Tee Jay otarł grzbietem dłoni zakrwawiony nos.

– Powiedziałem „przepraszam”. W porządku?

– Wcale nie jest w porządku. Mam z wami dość roboty, nawet jeśli nie zachowujecie się jak wściekłe psy. Zamierzam ci dokopać i zaprowadzić cię do doktora Ehrilchmana… On zdecyduje, czy będziesz mógł tu zostać, czy odejdziesz.

– Człowieku, pobiliśmy się tylko. To wszystko.

– Bijąc się, nie rozwiążesz żadnych problemów, Tee Jay. Myślałem, że masz wystarczająco dużo rozumu, żeby o tym wiedzieć.

– Gdybym miał trochę więcej rozumu, nie byłbym w klasie specjalnej, nie?

Jim puścił koszulkę Tee Jaya i cofnął się o krok.

– Dobra – rzucił. – Możesz iść. Skoro uważasz naukę w klasie specjalnej za poniżającą, to opróżnij swoją szafkę i idź do domu. Nie chcę w mojej klasie kogoś, kto sądzi, że spory można rozstrzygać, bijąc ludzi. I nie chcę w mojej klasie nikogo, kto nie jest dumny z tego, że do niej chodzi.

Czekał przez chwilę, ale Tee Jay nadal stał przy ścianie, pociągając nosem. W końcu z wściekłością rąbnął pięścią o drzwi jednej z kabin.

– Jezu, Tee Jay! Pomyśl, co ryzykujesz! Nawet jeśli Elvin cię obraził, to co z tego? Nie mów mi, że jesteś taki delikatny! Może chcesz siedzieć razem z dziewczynami?

– Nie wolno ci tak do mnie mówić, człowieku! – burknął Tee Jay.

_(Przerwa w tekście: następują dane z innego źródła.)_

(* Let $k\ge 2$ be an integer and let $\mathcal{M}_k:(1,+\infty)^k\to\mathbb{R}$ be defined by $$\mathcal{M}_k(x_1,\ldots,x_k)=\int_{[0,1]^{k-1}} (x_1-1)^{t_1}(x_2-1)^{t_2}\cdots(x_{k-1}-1)^{t_{k-1}}(x_k-1)^{1-(t_1+\cdots+t_{k-1})}\,dt_1\cdots dt_{k-1}.$$ Then for all $x_1,\ldots,x_k\in(1,+\infty)$ with $x_i\neq x_k$ for $i=1,\ldots,k-1$, $$\mathcal{M}_k(x_1,\ldots,x_k)=\frac{(x_1-x_k)(x_2-x_k)\cdots(x_{k-1}-x_k)}{(x_k-1)^{k-2}\log\left(\frac{x_1-1}{x_k-1}\right)\cdots\log\left(\frac{x_{k-1}-1}{x_k-1}\right)}.$$ *)

From Stdlib Require Import Reals.
From Coquelicot Require Import Coquelicot.
Open Scope R_scope.

Fixpoint prodR (n : nat) (f : nat -> R) : R :=
  match n with
  | O => 1
  | S m => prodR m f * f (S m)
  end.

Fixpoint sumR (n : nat) (f : nat -> R) : R :=
  match n with
  | O => 0
  | S m => sumR m f + f (S m)
  end.

(* iter_RInt n F = integral of F over the cube [0,1]^n in the coordinates
   t 1, ..., t n (as an iterated Riemann integral; other coordinates 0). *)
Fixpoint iter_RInt (n : nat) (F : (nat -> R) -> R) : R :=
  match n with
  | O => F (fun _ => 0)
  | S m => RInt (fun s =>
             iter_RInt m (fun t => F (fun i => if Nat.eqb i (S m) then s else t i)))
             0 1
  end.

Definition Mk (k : nat) (x : nat -> R) : R :=
  iter_RInt (k - 1) (fun t =>
    prodR (k - 1) (fun i => Rpower (x i - 1) (t i)) *
    Rpower (x k - 1) (1 - sumR (k - 1) t)).

From Stdlib Require Import Reals Lra Lia FunctionalExtensionality.
From Coquelicot Require Import Coquelicot.
Open Scope R_scope.

(* With [c = x_k - 1] and [a_i = (x_i - 1) / c], the integrand factors as
   [c * prod_i a_i ^ t_i].  The iterated integral of such a product of
   one-variable functions is the product of the one-variable integrals, and
   [int_0^1 a ^ s ds = (a - 1) / ln a = (x_i - x_k) / (c ln a_i)]; multiplying
   out gives the closed form. *)

Lemma prodR_ext (n : nat) (f g : nat -> R) :
  (forall i, (1 <= i <= n)%nat -> f i = g i) -> prodR n f = prodR n g.
Proof.
  induction n as [|n IH]; intros Hfg; simpl; [reflexivity|].
  rewrite IH by (intros; apply Hfg; lia).
  rewrite Hfg by lia; reflexivity.
Qed.

Lemma prodR_neq0 (n : nat) (f : nat -> R) :
  (forall i, (1 <= i <= n)%nat -> f i <> 0) -> prodR n f <> 0.
Proof.
  induction n as [|n IH]; intros Hf; simpl; [lra|].
  apply Rmult_integral_contrapositive; split; [apply IH; intros|]; apply Hf; lia.
Qed.

Lemma prodR_const (n : nat) (c : R) : prodR n (fun _ => c) = c ^ n.
Proof.
  induction n as [|n IH]; simpl; [reflexivity|]. rewrite IH; ring.
Qed.

Lemma prodR_div (n : nat) (f g : nat -> R) :
  prodR n (fun i => f i / g i) = prodR n f / prodR n g.
Proof.
  induction n as [|n IH]; simpl; [field|].
  rewrite IH; unfold Rdiv; rewrite Rinv_mult; ring.
Qed.

Lemma Rpower_div (a c t : R) :
  0 < a -> 0 < c -> Rpower (a / c) t = Rpower a t * Rpower c (- t).
Proof.
  intros Ha Hc; unfold Rpower.
  rewrite ln_div, <- exp_plus by assumption. f_equal; ring.
Qed.

Lemma prodR_Rpower_mul_Rpower_sub (n : nat) (a : nat -> R) (c u : R) (t : nat -> R) :
  0 < c -> (forall i, (1 <= i <= n)%nat -> 0 < a i) ->
  prodR n (fun i => Rpower (a i) (t i)) * Rpower c (u - sumR n t) =
  Rpower c u * prodR n (fun i => Rpower (a i / c) (t i)).
Proof.
  intros Hc. induction n as [|n IH]; intros Ha; simpl.
  - rewrite Rminus_0_r; ring.
  - replace (u - (sumR n t + t (S n))) with (u - sumR n t + - t (S n)) by ring.
    rewrite Rpower_plus, Rpower_div by (auto; apply Ha; lia).
    transitivity (prodR n (fun i => Rpower (a i) (t i)) * Rpower c (u - sumR n t) *
                  (Rpower (a (S n)) (t (S n)) * Rpower c (- t (S n)))); [ring|].
    rewrite IH by (intros; apply Ha; lia). ring.
Qed.

Lemma iter_RInt_scal_prodR (n : nat) (g : nat -> R -> R) (l : nat -> R) (C : R) :
  (forall i, (1 <= i <= n)%nat -> is_RInt (g i) 0 1 (l i)) ->
  iter_RInt n (fun t => C * prodR n (fun i => g i (t i))) = C * prodR n l.
Proof.
  revert C. induction n as [|n IH]; intros C Hg; simpl; [reflexivity|].
  assert (Hslice : forall s,
    iter_RInt n (fun t => C *
      (prodR n (fun i => g i (if Nat.eqb i (S n) then s else t i)) *
       g (S n) (if Nat.eqb n n then s else t (S n))))
    = C * prodR n l * g (S n) s).
  { intros s. rewrite Nat.eqb_refl.
    transitivity (iter_RInt n (fun t => C * g (S n) s * prodR n (fun i => g i (t i)))).
    - f_equal; apply functional_extensionality; intros t.
      rewrite (prodR_ext n _ (fun i => g i (t i))); [ring|].
      intros i Hi. replace (Nat.eqb i (S n)) with false by (symmetry; apply Nat.eqb_neq; lia).
      reflexivity.
    - rewrite IH by (intros; apply Hg; lia). ring. }
  rewrite (functional_extensionality _ _ Hslice), <- Rmult_assoc.
  apply is_RInt_unique, (is_RInt_scal (g (S n))), Hg; lia.
Qed.

Lemma is_RInt_Rpower_01 (a : R) :
  0 < a -> a <> 1 -> is_RInt (fun s => Rpower a s) 0 1 ((a - 1) / ln a).
Proof.
  intros Ha Ha1.
  assert (Hln : ln a <> 0) by (apply ln_neq_0; assumption).
  replace ((a - 1) / ln a) with (minus (Rpower a 1 / ln a) (Rpower a 0 / ln a)).
  2: { unfold minus, plus, opp; simpl. rewrite Rpower_1, Rpower_O by assumption.
       field; assumption. }
  apply (is_RInt_derive (fun s => Rpower a s / ln a)); intros s _; unfold Rpower.
  - auto_derive; [exact I|]. field; assumption.
  - apply (@ex_derive_continuous R_AbsRing R_NormedModule). auto_derive; exact I.
Qed.

Theorem mainTheorem7 (k : nat) (x : nat -> R)
  (hk : (2 <= k)%nat)
  (hx : forall i, (1 <= i <= k)%nat -> 1 < x i)
  (hne : forall i, (1 <= i <= k - 1)%nat -> x i <> x k) :
  Mk k x =
  prodR (k - 1) (fun i => x i - x k) /
  ((x k - 1) ^ (k - 2) * prodR (k - 1) (fun i => ln ((x i - 1) / (x k - 1)))).
Proof.
  unfold Mk; set (c := x k - 1).
  assert (Hc : 0 < c) by (assert (1 < x k) by (apply hx; lia); unfold c; lra).
  assert (Ha : forall i, (1 <= i <= k - 1)%nat -> 0 < x i - 1)
    by (intros i Hi; assert (1 < x i) by (apply hx; lia); lra).
  assert (Hr : forall i, (1 <= i <= k - 1)%nat -> 0 < (x i - 1) / c /\ (x i - 1) / c <> 1).
  { intros i Hi; split; [apply Rdiv_lt_0_compat; auto|].
    intros E; apply (hne i Hi).
    assert (Hxi : x i - 1 = (x i - 1) / c * c) by (field; lra).
    rewrite E, Rmult_1_l in Hxi; unfold c in Hxi; lra. }
  assert (Hln : forall i, (1 <= i <= k - 1)%nat -> ln ((x i - 1) / c) <> 0)
    by (intros i Hi; apply ln_neq_0; apply Hr; assumption).
  rewrite (functional_extensionality _ _ (fun t =>
    prodR_Rpower_mul_Rpower_sub (k - 1) (fun i => x i - 1) c 1 t Hc Ha)).
  rewrite Rpower_1 by assumption.
  rewrite (iter_RInt_scal_prodR (k - 1) (fun i s => Rpower ((x i - 1) / c) s)
    (fun i => ((x i - 1) / c - 1) / ln ((x i - 1) / c)))
    by (intros i Hi; apply is_RInt_Rpower_01; apply Hr; assumption).
  rewrite (prodR_ext (k - 1) _ (fun i => ((x i - x k) / c) / ln ((x i - 1) / c)))
     by (intros i Hi; f_equal; unfold c in *; field; lra).
  assert (HL := prodR_neq0 (k - 1) _ Hln).
  rewrite !prodR_div, prodR_const.
  replace (c ^ (k - 1)) with (c * c ^ (k - 2))
    by (replace (k - 1)%nat with (S (k - 2)) by lia; reflexivity).
  field. split; [exact HL | split; [apply pow_nonzero|]; lra].
Qed.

– Ach tak? Więc o co chodzi? W tym semestrze zrobiłeś większe postępy niż ktokolwiek inny w mojej klasie. Kiedy przyszedłeś do tej szkoły, nie wiedziałeś, kim był Szekspir. Ledwie potrafiłeś czytać. Nie umiałeś dodawać. Myślałeś, że prezydent Waszyngton miał na imię Denzel. Pomyśl, jak daleko zaszedłeś. A teraz jesteś gotów odrzucić wszystko, czego dokonałeś… Z jakiego powodu? Z powodu próżności? I ty sądzisz, że zasługujesz na szacunek?

Tee Jay natychmiast znów wybuchnął gniewem.

– No właśnie! Zawsze pan tak robi! Poniża pan ludzi i robi z nich głupców! Udaje pan przyjaciela, ale przez cały czas śmieje się pan z nas za naszymi plecami.

– Wcale się nie śmieję, Tee Jay. Doprowadź się do porządku i wróć do klasy.

Chłopak podszedł do niego, powłócząc nogami.

– Mógłbym cię załatwić, człowieku.

– Dopiero teraz przyszło ci to do głowy? – zapytał Jim, wytrzymując jego spojrzenie. Nie potrafił zliczyć, ile razy jakiś zbuntowany nastolatek, stojąc przed nim, ostrzegał go w ten sposób. W ciągu siedmiu lat nauczania przystosowawczego został dźgnięty śrubokrętem w bark i stracił dwa zęby. Ponieważ jednak przez ten czas miał do czynienia z prawie trzema tysiącami trudnych, zapóźnionych w rozwoju lub dyslektycznych dzieciaków, uważał, że i tak miał szczęście. Jego poprzednikowi przestrzelono płuco.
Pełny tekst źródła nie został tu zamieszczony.